Third, whether it wants to redistribute land or not, a government must create a land record, because it alone can. But even for the government, creating a land record is a formidable operation. Its size depends on how land is parcelled out. If it had to create a record of every square metre of Bihar’s land, it would have 170 billion records. If it had to make a record of every square kilometre, it would have 170,000 records. It helps, therefore, if land is neatly divided up into rectangles, and if the rectangles have a minimum size. This is called consolidation. It was done long ago in Punjab and most of the ryotwari areas of the South and the West; the zamindari areas of Uttar Pradesh, Bihar and West Bengal did not have it because the zamindari estates there were enormous and it did not matter if they were of irregular shapes.
So whether Bihar has land reforms or not, it needs land consolidation. It would begin with creating a record of land rights classified by the area and quality of land of each holder. Then the land would be consolidated and classified, giving the smallest possible number of pieces of uniform quality. Then these pieces would be divided up into rectangular blocks — as small as is necessary to give back the property rights to the smallest right-holder, but large enough to permit efficient use of tractors and other farm machinery. They would still end up in a jigsaw puzzle, but it would be a lot less complicated than the present pattern of land distribution.

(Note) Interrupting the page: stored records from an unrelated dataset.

Section Transport.
Variables (LV LE : finType) (G L1 K1 R1 L2 K2 R2 : graph LV LE).
Hypotheses (sKL1 : subgraph K1 L1) (sKR1 : subgraph K1 R1).
Hypotheses (TR1 : TLRG R1) (TR2 : TLRG R2).
Variables (fV fE iV iE hV hE jV jE : nat -> nat).
Hypotheses (fL : morphism L1 L2 fV fE) (iL : morphism L2 L1 iV iE).
Hypotheses (fK : {in gV L1, cancel fV iV}) (fEK : {in gE L1, cancel fE iE}).
Hypotheses (iK : {in gV L2, cancel iV fV}) (iEK : {in gE L2, cancel iE fE}).
Hypotheses (hR : morphism R1 R2 hV hE) (jR : morphism R2 R1 jV jE).
Hypotheses (hK : {in gV R1, cancel hV jV}) (hEK : {in gE R1, cancel hE jE}).
Hypotheses (jK : {in gV R2, cancel jV hV}) (jEK : {in gE R2, cancel jE hE}).
Hypothesis fh : {in gV K1, fV =1 hV}.
Hypothesis fK12 : {in gV K1, forall v, fV v \in gV K2}.
Hypothesis fK12_onto : forall y, y \in gV K2 -> exists v, v \in gV K1 /\ fV v = y.
Variables (mV mE : nat -> nat).
Hypothesis mG : is_match G (Rule L1 K1 R1) mV mE.

Local Notation res1 := (result G (rule_nf (Rule L1 K1 R1)) mV mE).
Local Notation res2 := (result G (rule_nf (Rule L2 K2 R2)) (mV \o iV) (mE \o iE)).

Lemma fV_interface v : v \in gV L1 -> (fV v \in gV K2) = (v \in gV K1).
Proof.
move=> vL; apply/idP/idP; last exact: fK12.
move=> /fK12_onto [u [uK /(congr1 iV)]].
by have [sKLV _] := sKL1; rewrite (fK vL) (fK (sKLV u uK)) => <-.
Qed.

Lemma hV_interface v : v \in gV R1 -> (hV v \in gV K2) = (v \in gV K1).
Proof.
move=> vR; apply/idP/idP; last by move=> vK; rewrite -fh // fK12.
move=> /fK12_onto [u [uK]]; rewrite fh // => /(congr1 jV).
by have [sKRV _] := sKR1; rewrite (hK vR) (hK (sKRV u uK)) => <-.
Qed.

Lemma iV_interface y : y \in gV L2 -> (iV y \in gV K1) = (y \in gV K2).
Proof. by move=> yL; rewrite -fV_interface ?iK //; apply: iL.1. Qed.

Lemma jV_interface y : y \in gV R2 -> (jV y \in gV K1) = (y \in gV K2).
Proof. by move=> yR; rewrite -hV_interface ?jK //; apply: jR.1. Qed.

Lemma iV_hV_interface v : v \in gV K1 -> iV (hV v) = v.
Proof. by have [sKLV _] := sKL1; move=> vK; rewrite -fh // fK ?sKLV. Qed.

Lemma jV_iV_interface y : y \in gV K2 -> jV y = iV y.
Proof.
have [sKRV _] := sKR1.
by move=> /fK12_onto [u [uK <-]]; rewrite fh // hK ?sKRV // iV_hV_interface.
Qed.

Lemma match_transport : is_match G (Rule L2 K2 R2) (mV \o iV) (mE \o iE).
Proof.
have [M [injV [injE dang]]] := mG; have [iVin [iEin _]] := iL.
split; first exact: morphism_comp iL M.
split.
  move=> u v uL vL /= /injV E.
  by rewrite -(iK uL) -(iK vL) E ?iVin.
split.
  move=> u v uL vL /= E.
  have [uL' _ _ _] := iEin _ uL; have [vL' _ _ _] := iEin _ vL.
  by rewrite -(iEK uL) -(iEK vL) (injE _ _ uL' vL' E).
move=> e eG Hn y yL yK; apply: dang => //=.
- move=> [x [xL E]]; apply: Hn; exists (fE x); have [? _ _ _] := fL.2.1 x xL.
  by rewrite /= fEK.
- exact: iVin.
- by rewrite iV_interface ?yK.
Qed.

Lemma deleted_node_transport w :
  has (fun v => (v \notin gV K2) && (mV (iV v) == w)) (gV L2) =
  has (fun v => (v \notin gV K1) && (mV v == w)) (gV L1).
Proof.
have [iVin _] := iL; have [fVin _] := fL.
apply/hasP/hasP => [[y yL /andP [yK E]] | [v vL /andP [vK E]]].
  by exists (iV y); rewrite ?iVin // iV_interface // yK.
by exists (fV v); rewrite ?fVin // fV_interface // vK fK.
Qed.

Lemma matched_edge_transport w :
  has (fun x => mE (iE x) == w) (gE L2) = has (fun x => mE x == w) (gE L1).
Proof.
have [_ [iEin _]] := iL; have [_ [fEin _]] := fL.
apply/hasP/hasP => [[y yL E] | [v vL E]].
  by exists (iE y) => //; have [] := iEin y yL.
by exists (fE v); [have [] := fEin v vL | rewrite fEK].
Qed.

Lemma lift_hV_in : {in gV res1, forall v, odd_lift hV v \in gV res2}.
Proof.
have [hVin _] := hR.
elim/parity_ind => w; rewrite /result /=; mem_parity => /andP [].
  by move=> hd wG; rewrite odd_lift_even; mem_parity; rewrite deleted_node_transport hd.
by move=> xK xR; rewrite odd_lift_odd; mem_parity; rewrite hV_interface // xK hVin.
Qed.

Lemma lift_jV_in : {in gV res2, forall v, odd_lift jV v \in gV res1}.
Proof.
have [jVin _] := jR.
elim/parity_ind => w; rewrite /result /=; mem_parity => /andP [].
  by move=> hd wG; rewrite odd_lift_even; mem_parity; rewrite -deleted_node_transport hd.
by move=> yK yR; rewrite odd_lift_odd; mem_parity; rewrite jV_interface // yK jVin.
Qed.

Lemma lift_hVK : {in gV res1, cancel (odd_lift hV) (odd_lift jV)}.
Proof.
elim/parity_ind => w; rewrite /result /=; mem_parity => /andP [_ wR].
  by rewrite !odd_lift_even.
by rewrite !odd_lift_odd hK.
Qed.

Lemma lift_jVK : {in gV res2, cancel (odd_lift jV) (odd_lift hV)}.
Proof.
elim/parity_ind => w; rewrite /result /=; mem_parity => /andP [_ wR].
  by rewrite !odd_lift_even.
by rewrite !odd_lift_odd jK.
Qed.

Lemma lift_hE_in : {in gE res1, forall e, odd_lift hE e \in gE res2}.
Proof.
have [_ [hEin _]] := hR.
elim/parity_ind => w; rewrite /result /=; mem_parity.
  move=> /andP [hd wG]; rewrite odd_lift_even; mem_parity.
  by rewrite matched_edge_transport hd.
by move=> xR; rewrite odd_lift_odd; mem_parity; have [] := hEin _ xR.
Qed.

Lemma lift_jE_in : {in gE res2, forall e, odd_lift jE e \in gE res1}.
Proof.
have [_ [jEin _]] := jR.
elim/parity_ind => w; rewrite /result /=; mem_parity.
  move=> /andP [hd wG]; rewrite odd_lift_even; mem_parity.
  by rewrite -matched_edge_transport hd.
by move=> yR; rewrite odd_lift_odd; mem_parity; have [] := jEin _ yR.
Qed.

Lemma lift_hEK : {in gE res1, cancel (odd_lift hE) (odd_lift jE)}.
Proof.
elim/parity_ind => w; rewrite /result /=; mem_parity.
  by rewrite !odd_lift_even.
by move=> wR; rewrite !odd_lift_odd hEK.
Qed.

Lemma lift_jEK : {in gE res2, cancel (odd_lift jE) (odd_lift hE)}.
Proof.
elim/parity_ind => w; rewrite /result /=; mem_parity.
  by rewrite !odd_lift_even.
by move=> wR; rewrite !odd_lift_odd jEK.
Qed.
Lemma round_class_answer (r r' : 'I_n) : round_class r = round_class r' ->
  {in Q, answer (tperm i r) =1 answer (tperm i r')}.
Proof.
move=> /(congr1 val) /= eq_key [j m] jmQ; rewrite /answer /rank_of /=.
have jm_probed : (if j == i then m.-1 else val j) \in probed.
  by apply/mapP; exists (j, m).
move: eq_key; rewrite /class_key.
case: (boolP (val r \in probed)) => rP; case: (boolP (val r' \in probed)) => r'P.
- move=> /addnI eq_index; suff -> : r = r' by [].
  by apply: val_inj; rewrite -(nth_index 0 rP) eq_index nth_index.
- by move: (count_size (fun m => r'.+1 < m) thresholds); lia.
- by move: (count_size (fun m => r.+1 < m) thresholds); lia.
move=> eq_count; case: (eqVneq j i) => [eq_ji | ji].
  subst j; rewrite !tpermL eqxx in jm_probed *.
  have m_th : m \in thresholds by apply/mapP; exists (i, m); rewrite ?mem_filter ?eqxx.
  have not_m (r0 : 'I_n) : val r0 \notin probed -> (r0.+1 == m) = false.
    by move=> r0P; apply: contraNF r0P => /eqP eq_m; rewrite -eq_m in jm_probed.
  by rewrite (count_ltn_eq eq_count m_th) (not_m _ rP) (not_m _ r'P).
rewrite (negbTE ji) in jm_probed.
rewrite !tpermD // ?(eq_sym i) //.
  by apply: contraNneq r'P => ->.
by apply: contraNneq rP => ->.
Qed.

End RoundClasses.

Local Open Scope ring_scope.

Lemma exprS_tangent_le (R : realDomainType) (x y : R) (k : nat) :
  0 <= x -> 0 <= y -> x ^+ k.+1 + k.+1%:R * x ^+ k * (y - x) <= y ^+ k.+1.
Proof.
move=> x_ge0 y_ge0; elim: k => [|k IH].
  by rewrite expr0 !expr1 mulr1 mul1r addrC subrK.
have gap : y ^+ k.+2 - (x ^+ k.+2 + k.+2%:R * x ^+ k.+1 * (y - x)) =
    y * (y ^+ k.+1 - (x ^+ k.+1 + k.+1%:R * x ^+ k * (y - x)))
    + k.+1%:R * x ^+ k * (y - x) ^+ 2.
  by rewrite !exprS; ring.
rewrite -subr_ge0 gap; apply: addr_ge0; first by rewrite mulr_ge0 ?subr_ge0.
by rewrite mulr_ge0 ?sqr_ge0 // mulr_ge0 ?exprn_ge0.
Qed.

Lemma powR_invnK (R : realType) (x : R) (k : nat) :
  0 <= x -> (0 < k)%N -> (x `^ k%:R^-1) ^+ k = x.
Proof.
move=> x_ge0 k_gt0; rewrite -powR_mulrn ?powR_ge0 // -powRrM mulVf ?powRr1 //.
by rewrite pnatr_eq0 -lt0n.
Qed.

Section QueryBound.
Variables (R : realType) (c : R).
Hypothesis c_gt0 : 0 < c.

Definition query_lb (k : nat) (N S : R) : R :=
  k%:R / c * N `^ k%:R^-1 * S - N - k%:R * S.
(* Let $G$ be a finite simple graph of order $n\ge 3$ and let $e(G)$ denote its number of edges. (a) Suppose every vertex of $G$ lies in a cycle of $G$. Then $crx_1(G)=e(G)$ if and only if $G$ is the cycle $C_n$. (b) Suppose $G$ is $2$-connected. Then $crx_2(G)=e(G)$ if and only if $G$ is minimally $2$-connected. (c) Suppose $G$ is Hamiltonian, and let $1\le k\le n$. Then $crx_k(G)=e(G)$ if and only if $G$ is the cycle $C_n$.
   Context: An edge-coloured cycle is rainbow if its edges have distinct colours. For $k\ge 1$, let $\mathcal F_k$ be the family of graphs in which any $k$ vertices lie in a common cycle. For $G\in\mathcal F_k$, a $k$-rainbow cycle colouring of $G$ is an edge-colouring such that every set of $k$ vertices lies in some rainbow cycle; $crx_k(G)$, the $k$-rainbow cycle index, is the minimum number of colours in a $k$-rainbow cycle colouring of $G$. A graph is minimally $2$-connected if it is $2$-connected and deleting any edge destroys $2$-connectivity. *)

(* Finite simple graphs as symmetric irreflexive relations
   on a finType. *)
From mathcomp Require Import all_boot.
From Stdlib Require Import ClassicalEpsilon.
Set Implicit Arguments. Unset Strict Implicit. Unset Printing Implicit Defensive.

Section Graphs.
Variables (T : finType) (e : rel T).

Definition edges : {set {set T}} :=
  [set s : {set T} | [exists x, exists y, e x y && (s == [set x; y])]].

Definition gcycle (p : seq T) : Prop :=
  [/\ 3 <= size p, uniq p & path.cycle e p].

Definition cycle_edges (p : seq T) : seq {set T} :=
  [seq [set xy.1; xy.2] | xy <- zip p (rot 1 p)].

(* An edge-colouring is any function on 2-sets of vertices; only its values
   on edges matter. *)
Definition rainbow (c : {set T} -> nat) (p : seq T) : Prop :=
  uniq (map c (cycle_edges p)).

Definition num_colours (c : {set T} -> nat) : nat :=
  size (undup (map c (enum edges))).

Definition in_F (k : nat) : Prop :=
  forall S : {set T}, #|S| = k ->
    exists p, gcycle p /\ (forall x, x \in S -> x \in p).

Definition k_rainbow_cycle_colouring (k : nat) (c : {set T} -> nat) : Prop :=
  forall S : {set T}, #|S| = k ->
    exists p, [/\ gcycle p, (forall x, x \in S -> x \in p) & rainbow c p].

Definition crx_pred (k m : nat) : Prop :=
  exists c, k_rainbow_cycle_colouring k c /\ num_colours c = m.

Definition pdec (P : Prop) : bool :=
  if excluded_middle_informative P then true else false.

Lemma pdecP (P : Prop) : reflect P (pdec P).
Proof. rewrite /pdec; case: excluded_middle_informative => h; constructor => //. Qed.

(* crx_k(G): the minimum number of colours of a k-rainbow cycle colouring
   (defined as 0 when no such colouring exists, i.e. outside F_k). *)
Definition crx (k : nat) : nat :=
  match excluded_middle_informative (exists m, crx_pred k m) with
  | left h =>
      @ex_minn (fun m => pdec (crx_pred k m))
        (let: ex_intro m hm := h in ex_intro _ m (introT (pdecP _) hm))
  | right _ => 0
  end.

Definition connected_on (A : {set T}) : Prop :=
  forall x y, x \in A -> y \in A ->
    connect [rel u v | [&& e u v, u \in A & v \in A]] x y.

Definition two_connected : Prop :=
  [/\ 3 <= #|T|, connected_on setT & forall v, connected_on (~: [set v])].

Definition hamiltonian : Prop :=
  exists p, gcycle p /\ size p = #|T|.

Definition cycle_rel (n : nat) (i j : 'I_n) : bool :=
  (val j == (val i).+1 %% n) || (val i == (val j).+1 %% n).

Definition is_cycle_graph : Prop :=
  exists f : 'I_#|T| -> T, bijective f /\
    forall i j, e (f i) (f j) = cycle_rel i j.

End Graphs.

Definition del_edge (T : finType) (e : rel T) (f : {set T}) : rel T :=
  [rel u v | e u v && ([set u; v] != f)].

Definition min_two_connected (T : finType) (e : rel T) : Prop :=
  two_connected e /\
  forall f, f \in edges e -> ~ two_connected (del_edge e f).

From mathcomp Require Import all_boot.
From Stdlib Require Import Classical ClassicalEpsilon.
Set Implicit Arguments. Unset Strict Implicit. Unset Printing Implicit Defensive.

(* The identity colouring gives crx_k(G) <= e(G) for G in F_k, and crx_k(G) < e(G)
   exactly when two distinct edges f, g are separable: every k-set of vertices lies
   on a cycle not using both.  Indeed f and g may then share a colour, and two edges
   with the same colour in a k-rainbow cycle colouring are separable.
   (c) An edge off a Hamilton cycle H is separable from every edge of H, while in
   C_n every cycle uses all the edges.
   (a) If an edge g lies off a cycle C, take f on C.  Vertices of C use C; a vertex
   x off C lies on a cycle D, and if D uses f, the ear of D through x between two
   vertices of C closes up with one of the two arcs of C into a cycle through x
   avoiding f.
   (b) Any two vertices of a 2-connected graph lie on a common cycle (Whitney).  If
   G - f is 2-connected, f is separable from the edges of a cycle of G - f.  If G is
   minimally 2-connected, each edge f has a cut vertex w of G - f splitting the
   other vertices into two sides joined only by f, so every cycle meeting both sides
   passes through w and uses f.  For two such separations, either two vertices lie
   on opposite sides of both, or a side of one of them is reduced to the cut vertex
   of the other; either way some pair of vertices forces both edges onto every
   cycle through it. *)

Lemma uniq_map_inj_inP (A B : eqType) (f : A -> B) (s : seq A) :
  uniq s -> reflect {in s &, injective f} (uniq (map f s)).
Proof.
move=> Us; apply: (iffP idP) => [|/map_inj_in_uniq->//].
elim: s Us => [|x s IH] //= /andP[xs Us] /andP[fxs Ufs] y z.
rewrite !inE => /predU1P[->|ys] /predU1P[->|zs] //.
- by move=> fxz; move: fxs; rewrite fxz map_f.
- by move=> fyx; move: fxs; rewrite -fyx map_f.
- exact: IH.
Qed.

Lemma split_find_last (T : eqType) (P : pred T) s : has P s ->
  exists s1 x s2, [/\ s = s1 ++ x :: s2, P x & ~~ has P s2].
Proof.
elim: s => [|y s IH] //=; case: (boolP (has P s)) => [/IH[s1 [x [s2 [-> Px nP]]]] _|nPs].
  by exists (y :: s1), x, s2.
by rewrite orbF => Py; exists [::], y, s.
Qed.

Lemma next_nth_mod (T : eqType) (h : seq T) x0 i : uniq h -> i < size h ->
  next h (nth x0 h i) = nth x0 h (i.+1 %% size h).
Proof.
case: h => [|y h] // Uh hi; rewrite next_nth mem_nth // index_uniq //=.
case: (ltnP i (size h)) => [ih|hi']; first by rewrite modn_small ?ltnS // (set_nth_default x0).
have -> : i = size h by apply/eqP; rewrite eqn_leq hi' -ltnS hi.
by rewrite modnn nth_default.
Qed.

Lemma mem_uniq_full (T : finType) (h : seq T) x : uniq h -> size h = #|T| -> x \in h.
Proof.
move=> Uh sh; have sub_h : {subset h <= enum T} by move=> y; rewrite mem_enum.
have [|_ ->] := uniq_min_size Uh sub_h; last by rewrite mem_enum.
by rewrite -cardT sh.
Qed.

Lemma exists_card (T : finType) k : k <= #|T| -> exists S : {set T}, #|S| = k.
Proof.
move=> kT; exists [set x in take k (enum T)].
by rewrite cardsE (card_uniqP _) ?take_uniq ?enum_uniq // size_takel // -cardE.
Qed.

Lemma connect_closed_prop (T : finType) (r : rel T) (P : T -> Prop) x y :
  (forall a b, P a -> r a b -> P b) -> P x -> connect r x y -> P y.
Proof.
move=> step Px /connectP[p + ->]; elim: p x Px => [|z p IH] x Px //= /andP[xz].
exact: IH (step _ _ Px xz).
Qed.

Lemma connect_subrel (T : finType) (r r' : rel T) :
  subrel r r' -> subrel (connect r) (connect r').
Proof. by move=> sub; apply: connect_sub => a b /sub/connect1. Qed.

Lemma connect_uniq_path (T : finType) (r : rel T) x y :
  connect r x y -> exists p, [/\ path r x p, uniq (x :: p) & last x p = y].
Proof. by case/connectP=> p /shortenP[p' rp' Up' _] ->; exists p'. Qed.

Lemma third_vertex (T : finType) (u v : T) : 3 <= #|T| -> exists z, z != u /\ z != v.
Proof.
move=> T3; have /card_gt0P[z] : 0 < #|~: [set u; v]|.
  rewrite -(leq_add2l #|[set u; v]|) addn1 cardsC (leq_trans _ T3) // cards2.
  by case: (u != v).
by rewrite !inE negb_or => /andP[]; exists z.
Qed.

(** * Edges of paths and cycles *)

Section CycleEdges.
Variable T : finType.
Implicit Types (p q : seq T) (x y : T).

Lemma set2_eq_cases (a b c d : T) :
  [set a; b] = [set c; d] -> (a = c /\ b = d) \/ (a = d /\ b = c).
Proof.
move=> E.
have ha : a \in [set c; d] by rewrite -E set21.
have hb : b \in [set c; d] by rewrite -E set22.
have hc : c \in [set a; b] by rewrite E set21.
have hd : d \in [set a; b] by rewrite E set22.
move: ha hb hc hd; rewrite !inE.
case/pred2P=> ha; case/pred2P=> hb; subst => //; auto.
- by move=> _ /pred2P[] ->; auto.
- by case/pred2P=> ->; auto.
Qed.

Fixpoint path_edges x q : seq {set T} :=
  if q is y :: q' then [set x; y] :: path_edges y q' else [::].

Lemma path_edges_cat x q1 q2 :
  path_edges x (q1 ++ q2) = path_edges x q1 ++ path_edges (last x q1) q2.
Proof. by elim: q1 x => [|y q1 IH] x //=; rewrite IH. Qed.

Lemma cycle_edges_cons x q : cycle_edges (x :: q) = path_edges x (rcons q x).
Proof.
rewrite /cycle_edges rot1_cons.
by elim: q x {2 4}x => [|y q IH] x z //=; rewrite IH.
Qed.

Lemma cycle_edges_split x c1 y c2 :
  cycle_edges (x :: c1 ++ y :: c2) =
  path_edges x (rcons c1 y) ++ path_edges y (rcons c2 x).
Proof. by rewrite cycle_edges_cons rcons_cat -[rcons c1 y]cats1 !path_edges_cat -catA. Qed.

Lemma path_edges_meet x q y S : q != [::] ->
  S \in path_edges x (rcons q y) -> exists2 z, z \in S & z \in q.
Proof.
elim: q x => [|z q IH] x // _ /=; rewrite inE => /predU1P[->|].
  by exists z; rewrite ?set22 ?mem_head.
case: q IH => [|z' q] IH /=.
  by rewrite inE => /eqP->; exists z; rewrite ?set21 ?mem_head.
by case/IH=> // u uS uq; exists u; rewrite // inE uq orbT.
Qed.

Lemma cycle_edges_next p : uniq p ->
  cycle_edges p = [seq [set u; next p u] | u <- p].
Proof.
case: p => [|x q] // Up; rewrite /cycle_edges rot1_cons.
rewrite (_ : [seq _ | u <- x :: q] =
  [seq [set xy.1; xy.2] | xy <- [seq (u, next (x :: q) u) | u <- x :: q]]);
  last by rewrite -map_comp.
congr map; apply: (@eq_from_nth _ (x, x)) => [|i].
  by rewrite size_zip size_map size_rcons minnn.
rewrite size_zip size_rcons minnn => hi.
rewrite nth_zip ?size_rcons // (nth_map x) // next_nth mem_nth // index_uniq //.
congr pair; rewrite nth_rcons; case: ltnP => [|hq]; first exact: set_nth_default.
by rewrite if_same nth_default.
Qed.

Lemma mem_cycle_edges p S : uniq p ->
  reflect (exists2 u, u \in p & S = [set u; next p u]) (S \in cycle_edges p).
Proof. by move=> Up; rewrite cycle_edges_next //; apply: (iffP mapP). Qed.

Lemma next_in_cycle_edges p x : uniq p -> x \in p ->
  [set x; next p x] \in cycle_edges p.
Proof. by move=> Up px; apply/mem_cycle_edges => //; exists x. Qed.

Lemma prev_in_cycle_edges p x : uniq p -> x \in p ->
  [set x; prev p x] \in cycle_edges p.
Proof.
move=> Up px; rewrite setUC -{2}(next_prev Up x).
by apply: next_in_cycle_edges; rewrite ?mem_prev.
Qed.

Lemma mem_cycle_edges_rot i p S : uniq p ->
  (S \in cycle_edges (rot i p)) = (S \in cycle_edges p).
Proof.
move=> Up; rewrite !cycle_edges_next ?rot_uniq // map_rot mem_rot.
by under eq_map => u do rewrite next_rot //.
Qed.

Lemma next_next_neq p x : uniq p -> 3 <= size p -> x \in p ->
  next p (next p x) != x.
Proof.
move=> Up p3 px; have [i s def_p] := rot_to px.
rewrite -!(next_rot i Up) def_p.
have : 3 <= size (x :: s) by rewrite -def_p size_rot.
have : uniq (x :: s) by rewrite -def_p rot_uniq.
case: s {def_p} => [|a [|b s]] //= /andP[]; rewrite !inE !negb_or => /and3P[xa xb _] _ _.
by rewrite eqxx [a == x]eq_sym (negbTE xa) eqxx [b == x]eq_sym (negbTE xb).
Qed.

Bihar needs to do this type of consolidation and reorganization of the land, whether it decides to have land reforms or not. It would bring into use a lot of land wasted today in boundaries, it would bring together parcels under the same ownership and save owners much travel from one piece to another, and it would eliminate much encroachment and disputes it generates. It would make land far more readily marketable and rentable. Politicians since Independence have been sold on redistribution of land. What would be far more productive and administratively useful is consolidation of rural land. It would be an intelligent reform, worthy of Nitish Kumar.